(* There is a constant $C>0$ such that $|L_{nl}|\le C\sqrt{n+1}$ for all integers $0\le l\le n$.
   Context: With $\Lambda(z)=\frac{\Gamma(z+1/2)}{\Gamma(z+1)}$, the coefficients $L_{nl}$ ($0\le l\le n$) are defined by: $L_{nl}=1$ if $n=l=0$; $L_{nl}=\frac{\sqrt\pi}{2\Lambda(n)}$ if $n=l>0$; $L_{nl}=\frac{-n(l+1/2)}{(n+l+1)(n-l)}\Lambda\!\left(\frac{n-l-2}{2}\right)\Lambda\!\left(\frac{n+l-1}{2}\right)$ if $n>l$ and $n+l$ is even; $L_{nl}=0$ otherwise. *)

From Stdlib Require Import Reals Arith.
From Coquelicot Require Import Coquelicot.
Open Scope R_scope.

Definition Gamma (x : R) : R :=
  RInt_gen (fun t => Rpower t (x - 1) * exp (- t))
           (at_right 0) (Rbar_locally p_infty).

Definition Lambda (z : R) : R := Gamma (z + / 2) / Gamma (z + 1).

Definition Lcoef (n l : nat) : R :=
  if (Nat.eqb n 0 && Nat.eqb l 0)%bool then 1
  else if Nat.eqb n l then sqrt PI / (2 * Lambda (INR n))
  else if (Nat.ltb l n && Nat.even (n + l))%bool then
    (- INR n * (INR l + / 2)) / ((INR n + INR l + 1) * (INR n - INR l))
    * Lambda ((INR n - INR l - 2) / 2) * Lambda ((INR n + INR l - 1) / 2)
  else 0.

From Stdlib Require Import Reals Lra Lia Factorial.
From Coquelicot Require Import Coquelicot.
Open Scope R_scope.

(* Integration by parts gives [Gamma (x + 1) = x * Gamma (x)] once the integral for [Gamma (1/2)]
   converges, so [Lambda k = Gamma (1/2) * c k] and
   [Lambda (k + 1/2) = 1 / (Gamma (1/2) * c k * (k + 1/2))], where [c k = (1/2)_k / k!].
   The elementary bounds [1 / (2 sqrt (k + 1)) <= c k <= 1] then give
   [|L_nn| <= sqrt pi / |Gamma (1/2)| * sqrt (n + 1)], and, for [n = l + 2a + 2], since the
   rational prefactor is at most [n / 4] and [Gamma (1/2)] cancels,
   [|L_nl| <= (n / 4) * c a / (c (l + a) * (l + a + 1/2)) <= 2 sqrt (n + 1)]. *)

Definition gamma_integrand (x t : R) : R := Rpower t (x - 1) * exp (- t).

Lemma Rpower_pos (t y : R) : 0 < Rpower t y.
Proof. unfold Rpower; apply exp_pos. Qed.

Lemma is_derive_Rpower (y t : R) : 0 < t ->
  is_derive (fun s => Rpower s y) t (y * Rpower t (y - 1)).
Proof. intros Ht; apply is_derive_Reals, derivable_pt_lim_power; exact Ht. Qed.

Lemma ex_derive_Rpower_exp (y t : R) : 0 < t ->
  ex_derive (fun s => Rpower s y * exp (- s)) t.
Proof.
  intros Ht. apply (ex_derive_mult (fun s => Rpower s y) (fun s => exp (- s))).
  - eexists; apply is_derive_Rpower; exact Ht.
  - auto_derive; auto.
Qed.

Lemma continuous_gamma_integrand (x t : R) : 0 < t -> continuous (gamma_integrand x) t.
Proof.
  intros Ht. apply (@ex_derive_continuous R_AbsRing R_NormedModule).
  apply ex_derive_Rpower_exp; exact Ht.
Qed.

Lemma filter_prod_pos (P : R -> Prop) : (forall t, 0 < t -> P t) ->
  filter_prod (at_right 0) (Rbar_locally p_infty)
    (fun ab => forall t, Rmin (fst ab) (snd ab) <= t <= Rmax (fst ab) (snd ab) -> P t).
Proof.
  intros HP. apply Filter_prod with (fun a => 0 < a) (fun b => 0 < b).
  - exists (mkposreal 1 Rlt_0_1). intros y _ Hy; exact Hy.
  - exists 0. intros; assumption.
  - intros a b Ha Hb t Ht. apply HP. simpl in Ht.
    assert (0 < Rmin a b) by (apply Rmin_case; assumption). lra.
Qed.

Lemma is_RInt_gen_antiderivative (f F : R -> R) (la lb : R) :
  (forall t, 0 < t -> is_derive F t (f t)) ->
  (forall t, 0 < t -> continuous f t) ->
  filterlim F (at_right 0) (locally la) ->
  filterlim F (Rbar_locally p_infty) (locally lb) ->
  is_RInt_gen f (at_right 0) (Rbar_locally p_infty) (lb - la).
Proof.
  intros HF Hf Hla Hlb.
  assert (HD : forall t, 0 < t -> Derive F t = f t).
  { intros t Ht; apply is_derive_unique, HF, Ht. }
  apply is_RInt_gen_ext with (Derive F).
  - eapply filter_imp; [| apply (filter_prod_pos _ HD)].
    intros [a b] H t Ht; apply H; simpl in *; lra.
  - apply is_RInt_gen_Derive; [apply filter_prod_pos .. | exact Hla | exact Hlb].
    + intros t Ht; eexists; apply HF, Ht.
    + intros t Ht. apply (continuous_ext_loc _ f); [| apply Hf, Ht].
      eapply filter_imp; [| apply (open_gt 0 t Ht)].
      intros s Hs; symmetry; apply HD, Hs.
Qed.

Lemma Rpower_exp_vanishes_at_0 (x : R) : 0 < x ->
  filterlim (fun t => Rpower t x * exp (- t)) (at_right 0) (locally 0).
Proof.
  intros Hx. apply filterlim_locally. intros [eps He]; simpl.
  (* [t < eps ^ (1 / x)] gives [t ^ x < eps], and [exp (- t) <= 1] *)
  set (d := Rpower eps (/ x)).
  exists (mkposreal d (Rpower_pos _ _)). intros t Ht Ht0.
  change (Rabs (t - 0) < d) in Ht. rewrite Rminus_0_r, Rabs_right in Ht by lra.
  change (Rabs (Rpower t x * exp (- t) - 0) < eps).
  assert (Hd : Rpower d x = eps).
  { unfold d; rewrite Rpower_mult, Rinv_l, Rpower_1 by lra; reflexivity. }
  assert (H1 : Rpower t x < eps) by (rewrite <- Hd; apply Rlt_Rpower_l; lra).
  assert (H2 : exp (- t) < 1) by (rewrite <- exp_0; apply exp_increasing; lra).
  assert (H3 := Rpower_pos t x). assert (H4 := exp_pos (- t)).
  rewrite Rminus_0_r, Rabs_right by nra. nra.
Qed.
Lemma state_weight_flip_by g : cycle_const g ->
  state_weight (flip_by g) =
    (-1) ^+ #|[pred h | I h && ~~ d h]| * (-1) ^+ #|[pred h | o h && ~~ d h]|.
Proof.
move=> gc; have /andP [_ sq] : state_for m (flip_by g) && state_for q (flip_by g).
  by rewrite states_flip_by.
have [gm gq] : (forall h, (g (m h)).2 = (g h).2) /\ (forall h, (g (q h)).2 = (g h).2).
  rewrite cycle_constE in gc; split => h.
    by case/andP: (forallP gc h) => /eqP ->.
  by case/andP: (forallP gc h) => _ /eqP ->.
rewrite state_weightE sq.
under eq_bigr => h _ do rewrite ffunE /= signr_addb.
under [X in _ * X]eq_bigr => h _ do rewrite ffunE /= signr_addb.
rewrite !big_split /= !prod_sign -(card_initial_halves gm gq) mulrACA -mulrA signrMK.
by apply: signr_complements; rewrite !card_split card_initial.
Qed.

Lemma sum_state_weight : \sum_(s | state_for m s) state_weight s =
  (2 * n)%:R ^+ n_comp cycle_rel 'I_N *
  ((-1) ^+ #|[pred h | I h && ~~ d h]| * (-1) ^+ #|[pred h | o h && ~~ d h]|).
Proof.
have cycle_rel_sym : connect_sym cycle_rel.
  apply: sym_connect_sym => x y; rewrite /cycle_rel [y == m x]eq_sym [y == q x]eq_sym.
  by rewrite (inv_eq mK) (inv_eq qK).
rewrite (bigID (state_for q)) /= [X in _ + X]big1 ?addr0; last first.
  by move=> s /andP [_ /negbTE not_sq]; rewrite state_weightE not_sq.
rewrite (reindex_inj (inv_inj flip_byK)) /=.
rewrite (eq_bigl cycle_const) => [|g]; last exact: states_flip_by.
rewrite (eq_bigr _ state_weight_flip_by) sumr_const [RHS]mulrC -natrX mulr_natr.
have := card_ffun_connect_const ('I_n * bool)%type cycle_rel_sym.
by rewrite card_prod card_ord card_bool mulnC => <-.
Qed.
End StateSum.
==
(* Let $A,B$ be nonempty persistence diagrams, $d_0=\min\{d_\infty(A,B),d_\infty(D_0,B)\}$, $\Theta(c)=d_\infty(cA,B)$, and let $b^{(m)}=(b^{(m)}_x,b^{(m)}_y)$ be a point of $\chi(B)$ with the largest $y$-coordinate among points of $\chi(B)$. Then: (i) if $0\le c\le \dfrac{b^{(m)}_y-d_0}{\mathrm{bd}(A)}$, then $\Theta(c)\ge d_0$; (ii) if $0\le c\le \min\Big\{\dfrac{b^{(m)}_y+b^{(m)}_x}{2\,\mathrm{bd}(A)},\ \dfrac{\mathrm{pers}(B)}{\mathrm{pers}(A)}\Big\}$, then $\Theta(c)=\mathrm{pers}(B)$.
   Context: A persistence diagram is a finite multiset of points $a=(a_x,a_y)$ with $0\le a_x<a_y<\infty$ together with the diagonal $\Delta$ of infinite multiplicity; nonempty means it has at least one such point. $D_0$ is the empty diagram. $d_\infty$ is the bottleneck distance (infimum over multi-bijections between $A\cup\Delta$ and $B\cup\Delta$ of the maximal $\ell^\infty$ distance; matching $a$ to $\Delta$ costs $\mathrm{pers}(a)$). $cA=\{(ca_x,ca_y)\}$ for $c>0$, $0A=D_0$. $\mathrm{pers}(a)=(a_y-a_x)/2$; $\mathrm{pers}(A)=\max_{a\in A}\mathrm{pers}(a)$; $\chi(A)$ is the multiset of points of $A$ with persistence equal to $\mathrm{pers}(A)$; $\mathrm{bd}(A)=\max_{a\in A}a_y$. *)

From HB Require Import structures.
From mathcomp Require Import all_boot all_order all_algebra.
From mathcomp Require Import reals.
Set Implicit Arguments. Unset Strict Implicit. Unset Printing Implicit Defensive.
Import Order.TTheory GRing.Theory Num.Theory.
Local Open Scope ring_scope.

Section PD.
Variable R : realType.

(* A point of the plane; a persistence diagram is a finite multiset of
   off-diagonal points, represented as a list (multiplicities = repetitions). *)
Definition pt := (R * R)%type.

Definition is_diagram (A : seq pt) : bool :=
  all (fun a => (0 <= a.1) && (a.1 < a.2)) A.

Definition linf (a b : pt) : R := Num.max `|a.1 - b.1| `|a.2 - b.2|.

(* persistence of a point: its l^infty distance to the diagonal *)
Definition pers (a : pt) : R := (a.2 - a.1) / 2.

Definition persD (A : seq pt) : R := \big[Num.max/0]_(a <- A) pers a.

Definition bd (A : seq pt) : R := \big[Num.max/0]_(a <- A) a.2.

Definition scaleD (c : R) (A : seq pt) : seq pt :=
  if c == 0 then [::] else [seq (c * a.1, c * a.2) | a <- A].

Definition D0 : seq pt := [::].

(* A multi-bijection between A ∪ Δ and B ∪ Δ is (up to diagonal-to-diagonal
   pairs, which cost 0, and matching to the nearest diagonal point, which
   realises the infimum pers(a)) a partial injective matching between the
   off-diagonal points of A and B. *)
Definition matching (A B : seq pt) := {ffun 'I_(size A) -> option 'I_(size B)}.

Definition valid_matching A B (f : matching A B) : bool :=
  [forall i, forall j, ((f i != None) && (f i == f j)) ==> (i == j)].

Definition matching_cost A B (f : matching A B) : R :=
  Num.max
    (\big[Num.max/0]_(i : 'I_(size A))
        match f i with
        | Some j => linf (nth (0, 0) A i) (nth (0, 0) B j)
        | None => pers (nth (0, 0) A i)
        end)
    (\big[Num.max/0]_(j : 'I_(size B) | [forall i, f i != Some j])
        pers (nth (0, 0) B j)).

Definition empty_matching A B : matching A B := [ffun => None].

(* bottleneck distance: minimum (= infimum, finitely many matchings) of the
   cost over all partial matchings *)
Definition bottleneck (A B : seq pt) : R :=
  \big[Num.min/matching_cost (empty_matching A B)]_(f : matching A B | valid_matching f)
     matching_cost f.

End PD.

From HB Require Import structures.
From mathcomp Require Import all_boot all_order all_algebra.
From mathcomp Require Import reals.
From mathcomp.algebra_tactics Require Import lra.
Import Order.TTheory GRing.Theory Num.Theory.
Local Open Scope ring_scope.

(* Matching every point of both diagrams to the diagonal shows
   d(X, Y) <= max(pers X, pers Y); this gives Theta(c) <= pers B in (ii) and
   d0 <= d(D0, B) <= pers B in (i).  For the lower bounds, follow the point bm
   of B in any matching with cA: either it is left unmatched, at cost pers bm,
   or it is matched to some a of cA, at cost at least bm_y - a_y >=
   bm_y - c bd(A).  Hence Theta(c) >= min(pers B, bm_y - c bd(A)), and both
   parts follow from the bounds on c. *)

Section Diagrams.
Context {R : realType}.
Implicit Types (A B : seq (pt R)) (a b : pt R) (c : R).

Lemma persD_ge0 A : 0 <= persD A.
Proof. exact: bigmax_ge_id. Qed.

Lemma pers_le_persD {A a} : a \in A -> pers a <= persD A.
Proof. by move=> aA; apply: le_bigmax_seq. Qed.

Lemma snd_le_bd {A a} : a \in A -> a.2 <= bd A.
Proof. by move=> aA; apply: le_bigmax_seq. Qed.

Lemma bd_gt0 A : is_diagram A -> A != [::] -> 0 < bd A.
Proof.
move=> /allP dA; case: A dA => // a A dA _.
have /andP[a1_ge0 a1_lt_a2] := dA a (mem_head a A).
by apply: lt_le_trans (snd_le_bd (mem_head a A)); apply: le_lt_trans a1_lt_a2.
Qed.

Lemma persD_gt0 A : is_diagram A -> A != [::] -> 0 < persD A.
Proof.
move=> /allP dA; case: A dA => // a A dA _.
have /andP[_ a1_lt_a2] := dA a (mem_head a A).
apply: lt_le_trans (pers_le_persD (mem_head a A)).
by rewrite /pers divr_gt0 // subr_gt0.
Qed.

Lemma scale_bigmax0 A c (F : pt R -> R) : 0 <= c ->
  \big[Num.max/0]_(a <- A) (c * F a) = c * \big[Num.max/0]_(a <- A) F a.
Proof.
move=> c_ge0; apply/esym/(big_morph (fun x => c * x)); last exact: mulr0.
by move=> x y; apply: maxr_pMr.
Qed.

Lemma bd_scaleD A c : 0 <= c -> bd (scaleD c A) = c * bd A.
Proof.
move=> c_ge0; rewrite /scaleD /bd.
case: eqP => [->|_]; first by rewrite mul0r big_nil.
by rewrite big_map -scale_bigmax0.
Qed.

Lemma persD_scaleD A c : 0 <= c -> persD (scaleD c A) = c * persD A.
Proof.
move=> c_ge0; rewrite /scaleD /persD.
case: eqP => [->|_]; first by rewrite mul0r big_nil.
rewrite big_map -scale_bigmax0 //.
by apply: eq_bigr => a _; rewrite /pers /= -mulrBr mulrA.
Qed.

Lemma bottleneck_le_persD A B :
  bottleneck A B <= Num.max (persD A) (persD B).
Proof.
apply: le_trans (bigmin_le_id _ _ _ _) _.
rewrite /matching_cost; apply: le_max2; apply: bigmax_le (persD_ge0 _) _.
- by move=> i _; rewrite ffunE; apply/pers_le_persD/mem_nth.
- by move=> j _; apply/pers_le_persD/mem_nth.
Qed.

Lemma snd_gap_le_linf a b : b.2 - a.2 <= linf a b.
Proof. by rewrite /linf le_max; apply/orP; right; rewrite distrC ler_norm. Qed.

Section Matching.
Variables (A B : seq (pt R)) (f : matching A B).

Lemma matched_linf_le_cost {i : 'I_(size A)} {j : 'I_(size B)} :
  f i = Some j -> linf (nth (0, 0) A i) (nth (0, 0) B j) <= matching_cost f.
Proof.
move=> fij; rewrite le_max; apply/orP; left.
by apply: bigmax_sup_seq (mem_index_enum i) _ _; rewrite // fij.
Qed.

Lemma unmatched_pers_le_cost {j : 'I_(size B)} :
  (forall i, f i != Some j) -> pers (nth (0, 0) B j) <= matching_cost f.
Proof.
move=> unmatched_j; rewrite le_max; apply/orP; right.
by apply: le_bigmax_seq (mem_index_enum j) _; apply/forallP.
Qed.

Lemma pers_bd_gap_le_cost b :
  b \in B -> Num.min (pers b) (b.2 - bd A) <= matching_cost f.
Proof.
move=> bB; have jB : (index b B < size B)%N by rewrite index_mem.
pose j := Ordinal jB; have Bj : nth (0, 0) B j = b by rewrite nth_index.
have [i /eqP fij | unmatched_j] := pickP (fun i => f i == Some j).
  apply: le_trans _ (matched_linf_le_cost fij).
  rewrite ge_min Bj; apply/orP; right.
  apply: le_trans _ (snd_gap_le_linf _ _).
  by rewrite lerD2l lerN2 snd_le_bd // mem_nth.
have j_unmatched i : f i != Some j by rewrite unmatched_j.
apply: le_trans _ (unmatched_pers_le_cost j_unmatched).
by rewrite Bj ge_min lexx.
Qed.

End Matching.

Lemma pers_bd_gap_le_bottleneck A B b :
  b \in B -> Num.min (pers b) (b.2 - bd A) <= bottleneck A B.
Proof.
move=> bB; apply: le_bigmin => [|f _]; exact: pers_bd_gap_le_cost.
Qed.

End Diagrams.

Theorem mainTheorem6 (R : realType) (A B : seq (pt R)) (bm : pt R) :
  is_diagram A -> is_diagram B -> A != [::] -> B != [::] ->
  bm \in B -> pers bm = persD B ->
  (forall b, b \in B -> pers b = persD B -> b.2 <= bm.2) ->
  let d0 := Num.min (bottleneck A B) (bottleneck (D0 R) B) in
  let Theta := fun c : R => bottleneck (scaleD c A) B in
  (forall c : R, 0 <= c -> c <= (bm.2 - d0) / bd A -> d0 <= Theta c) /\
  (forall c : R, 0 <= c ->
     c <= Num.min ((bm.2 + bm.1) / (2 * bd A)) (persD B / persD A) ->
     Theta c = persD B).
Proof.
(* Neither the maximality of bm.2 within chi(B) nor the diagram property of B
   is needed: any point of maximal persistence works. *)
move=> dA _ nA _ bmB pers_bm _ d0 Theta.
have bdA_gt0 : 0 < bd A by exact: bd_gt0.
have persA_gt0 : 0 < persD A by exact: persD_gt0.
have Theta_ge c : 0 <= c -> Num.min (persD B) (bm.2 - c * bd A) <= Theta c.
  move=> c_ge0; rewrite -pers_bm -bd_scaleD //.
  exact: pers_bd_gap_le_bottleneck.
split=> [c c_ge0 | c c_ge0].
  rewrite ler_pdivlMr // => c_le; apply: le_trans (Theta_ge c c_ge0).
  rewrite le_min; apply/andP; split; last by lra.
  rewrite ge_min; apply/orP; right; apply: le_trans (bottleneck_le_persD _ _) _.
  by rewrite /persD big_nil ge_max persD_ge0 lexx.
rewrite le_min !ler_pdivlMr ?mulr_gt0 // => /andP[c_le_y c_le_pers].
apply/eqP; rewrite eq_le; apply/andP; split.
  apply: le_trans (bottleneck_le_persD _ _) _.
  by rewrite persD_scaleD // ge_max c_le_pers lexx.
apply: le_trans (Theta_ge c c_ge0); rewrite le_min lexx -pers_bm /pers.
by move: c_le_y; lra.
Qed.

* INSTRUCTIONS TO FOLLOW
Your answer should be the exact lines above from the one with "rewrite ge_min Bj; apply/orP; right." through the one with "apply: le_trans (Theta_ge c c_ge0);", both included, and nothing besides.

* REPLY TO THE EXERCISE
  rewrite ge_min Bj; apply/orP; right.
  apply: le_trans _ (snd_gap_le_linf _ _).
  by rewrite lerD2l lerN2 snd_le_bd // mem_nth.
have j_unmatched i : f i != Some j by rewrite unmatched_j.
apply: le_trans _ (unmatched_pers_le_cost j_unmatched).
by rewrite Bj ge_min lexx.
Qed.

End Matching.

Lemma pers_bd_gap_le_bottleneck A B b :
  b \in B -> Num.min (pers b) (b.2 - bd A) <= bottleneck A B.
Proof.
move=> bB; apply: le_bigmin => [|f _]; exact: pers_bd_gap_le_cost.
Qed.

End Diagrams.

Theorem mainTheorem6 (R : realType) (A B : seq (pt R)) (bm : pt R) :
  is_diagram A -> is_diagram B -> A != [::] -> B != [::] ->
  bm \in B -> pers bm = persD B ->
  (forall b, b \in B -> pers b = persD B -> b.2 <= bm.2) ->
  let d0 := Num.min (bottleneck A B) (bottleneck (D0 R) B) in
  let Theta := fun c : R => bottleneck (scaleD c A) B in
  (forall c : R, 0 <= c -> c <= (bm.2 - d0) / bd A -> d0 <= Theta c) /\
  (forall c : R, 0 <= c ->
     c <= Num.min ((bm.2 + bm.1) / (2 * bd A)) (persD B / persD A) ->
     Theta c = persD B).
Proof.
(* Neither the maximality of bm.2 within chi(B) nor the diagram property of B
   is needed: any point of maximal persistence works. *)
move=> dA _ nA _ bmB pers_bm _ d0 Theta.
have bdA_gt0 : 0 < bd A by exact: bd_gt0.
have persA_gt0 : 0 < persD A by exact: persD_gt0.
have Theta_ge c : 0 <= c -> Num.min (persD B) (bm.2 - c * bd A) <= Theta c.
  move=> c_ge0; rewrite -pers_bm -bd_scaleD //.
  exact: pers_bd_gap_le_bottleneck.
split=> [c c_ge0 | c c_ge0].
  rewrite ler_pdivlMr // => c_le; apply: le_trans (Theta_ge c c_ge0).
  rewrite le_min; apply/andP; split; last by lra.
  rewrite ge_min; apply/orP; right; apply: le_trans (bottleneck_le_persD _ _) _.
  by rewrite /persD big_nil ge_max persD_ge0 lexx.
rewrite le_min !ler_pdivlMr ?mulr_gt0 // => /andP[c_le_y c_le_pers].
apply/eqP; rewrite eq_le; apply/andP; split.
  apply: le_trans (bottleneck_le_persD _ _) _.
  by rewrite persD_scaleD // ge_max c_le_pers lexx.
apply: le_trans (Theta_ge c c_ge0); rewrite le_min lexx -pers_bm /pers.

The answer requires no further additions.